ACTIVITY:
In the listing below, the lines from the first through the one with "destruct (Hn n) as [Hkn [Hs [_ Hfarn]]]." are to be copied word for word.

THE RECORDS:
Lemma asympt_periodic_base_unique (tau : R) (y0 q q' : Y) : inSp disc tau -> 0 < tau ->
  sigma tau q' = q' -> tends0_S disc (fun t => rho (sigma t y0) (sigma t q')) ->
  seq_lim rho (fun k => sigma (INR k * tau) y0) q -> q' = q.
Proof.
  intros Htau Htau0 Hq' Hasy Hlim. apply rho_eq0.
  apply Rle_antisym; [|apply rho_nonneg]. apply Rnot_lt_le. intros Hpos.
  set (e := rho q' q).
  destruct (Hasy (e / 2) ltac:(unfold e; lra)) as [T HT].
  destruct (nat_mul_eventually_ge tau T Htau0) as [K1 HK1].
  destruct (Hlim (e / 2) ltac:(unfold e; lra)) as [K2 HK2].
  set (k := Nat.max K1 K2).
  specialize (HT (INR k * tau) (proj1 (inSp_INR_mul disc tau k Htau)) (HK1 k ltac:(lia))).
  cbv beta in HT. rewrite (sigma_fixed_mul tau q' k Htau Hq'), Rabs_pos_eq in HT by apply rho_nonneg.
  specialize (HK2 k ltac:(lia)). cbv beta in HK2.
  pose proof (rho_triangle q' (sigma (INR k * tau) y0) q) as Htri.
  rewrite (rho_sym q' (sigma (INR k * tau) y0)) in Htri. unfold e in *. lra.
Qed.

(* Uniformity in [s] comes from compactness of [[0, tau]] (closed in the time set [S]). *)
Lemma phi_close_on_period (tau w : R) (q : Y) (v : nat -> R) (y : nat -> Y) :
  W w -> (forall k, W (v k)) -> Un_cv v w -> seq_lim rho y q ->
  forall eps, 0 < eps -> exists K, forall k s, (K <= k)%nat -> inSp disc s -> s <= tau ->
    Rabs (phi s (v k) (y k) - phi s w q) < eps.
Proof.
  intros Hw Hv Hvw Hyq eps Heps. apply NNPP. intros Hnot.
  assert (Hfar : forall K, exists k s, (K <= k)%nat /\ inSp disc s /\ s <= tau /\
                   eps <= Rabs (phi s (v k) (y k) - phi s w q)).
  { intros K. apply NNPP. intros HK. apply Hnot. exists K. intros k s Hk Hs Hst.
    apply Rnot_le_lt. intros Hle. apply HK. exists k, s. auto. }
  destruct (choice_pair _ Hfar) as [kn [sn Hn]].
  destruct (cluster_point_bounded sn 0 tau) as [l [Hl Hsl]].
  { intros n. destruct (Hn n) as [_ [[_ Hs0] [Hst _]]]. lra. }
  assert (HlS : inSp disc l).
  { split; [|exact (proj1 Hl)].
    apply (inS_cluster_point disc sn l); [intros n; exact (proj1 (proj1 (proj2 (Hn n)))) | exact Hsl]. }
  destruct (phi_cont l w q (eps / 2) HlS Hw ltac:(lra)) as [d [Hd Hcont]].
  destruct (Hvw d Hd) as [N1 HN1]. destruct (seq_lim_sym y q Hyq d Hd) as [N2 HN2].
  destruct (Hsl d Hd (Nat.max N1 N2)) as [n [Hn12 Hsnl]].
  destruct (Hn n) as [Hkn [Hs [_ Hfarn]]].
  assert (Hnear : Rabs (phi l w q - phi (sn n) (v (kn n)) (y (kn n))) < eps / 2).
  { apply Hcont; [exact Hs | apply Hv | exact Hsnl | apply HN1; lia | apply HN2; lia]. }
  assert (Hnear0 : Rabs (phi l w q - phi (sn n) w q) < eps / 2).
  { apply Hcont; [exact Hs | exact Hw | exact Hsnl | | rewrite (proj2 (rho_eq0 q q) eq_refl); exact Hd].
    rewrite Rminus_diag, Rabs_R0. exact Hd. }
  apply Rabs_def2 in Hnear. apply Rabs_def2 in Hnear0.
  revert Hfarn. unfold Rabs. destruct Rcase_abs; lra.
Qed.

TASK ANSWER:
Lemma asympt_periodic_base_unique (tau : R) (y0 q q' : Y) : inSp disc tau -> 0 < tau ->
  sigma tau q' = q' -> tends0_S disc (fun t => rho (sigma t y0) (sigma t q')) ->
  seq_lim rho (fun k => sigma (INR k * tau) y0) q -> q' = q.
Proof.
  intros Htau Htau0 Hq' Hasy Hlim. apply rho_eq0.
  apply Rle_antisym; [|apply rho_nonneg]. apply Rnot_lt_le. intros Hpos.
  set (e := rho q' q).
  destruct (Hasy (e / 2) ltac:(unfold e; lra)) as [T HT].
  destruct (nat_mul_eventually_ge tau T Htau0) as [K1 HK1].
  destruct (Hlim (e / 2) ltac:(unfold e; lra)) as [K2 HK2].
  set (k := Nat.max K1 K2).
  specialize (HT (INR k * tau) (proj1 (inSp_INR_mul disc tau k Htau)) (HK1 k ltac:(lia))).
  cbv beta in HT. rewrite (sigma_fixed_mul tau q' k Htau Hq'), Rabs_pos_eq in HT by apply rho_nonneg.
  specialize (HK2 k ltac:(lia)). cbv beta in HK2.
  pose proof (rho_triangle q' (sigma (INR k * tau) y0) q) as Htri.
  rewrite (rho_sym q' (sigma (INR k * tau) y0)) in Htri. unfold e in *. lra.
Qed.

(* Uniformity in [s] comes from compactness of [[0, tau]] (closed in the time set [S]). *)
Lemma phi_close_on_period (tau w : R) (q : Y) (v : nat -> R) (y : nat -> Y) :
  W w -> (forall k, W (v k)) -> Un_cv v w -> seq_lim rho y q ->
  forall eps, 0 < eps -> exists K, forall k s, (K <= k)%nat -> inSp disc s -> s <= tau ->
    Rabs (phi s (v k) (y k) - phi s w q) < eps.
Proof.
  intros Hw Hv Hvw Hyq eps Heps. apply NNPP. intros Hnot.
  assert (Hfar : forall K, exists k s, (K <= k)%nat /\ inSp disc s /\ s <= tau /\
                   eps <= Rabs (phi s (v k) (y k) - phi s w q)).
  { intros K. apply NNPP. intros HK. apply Hnot. exists K. intros k s Hk Hs Hst.
    apply Rnot_le_lt. intros Hle. apply HK. exists k, s. auto. }
  destruct (choice_pair _ Hfar) as [kn [sn Hn]].
  destruct (cluster_point_bounded sn 0 tau) as [l [Hl Hsl]].
  { intros n. destruct (Hn n) as [_ [[_ Hs0] [Hst _]]]. lra. }
  assert (HlS : inSp disc l).
  { split; [|exact (proj1 Hl)].
    apply (inS_cluster_point disc sn l); [intros n; exact (proj1 (proj1 (proj2 (Hn n)))) | exact Hsl]. }
  destruct (phi_cont l w q (eps / 2) HlS Hw ltac:(lra)) as [d [Hd Hcont]].
  destruct (Hvw d Hd) as [N1 HN1]. destruct (seq_lim_sym y q Hyq d Hd) as [N2 HN2].
  destruct (Hsl d Hd (Nat.max N1 N2)) as [n [Hn12 Hsnl]].
  destruct (Hn n) as [Hkn [Hs [_ Hfarn]]].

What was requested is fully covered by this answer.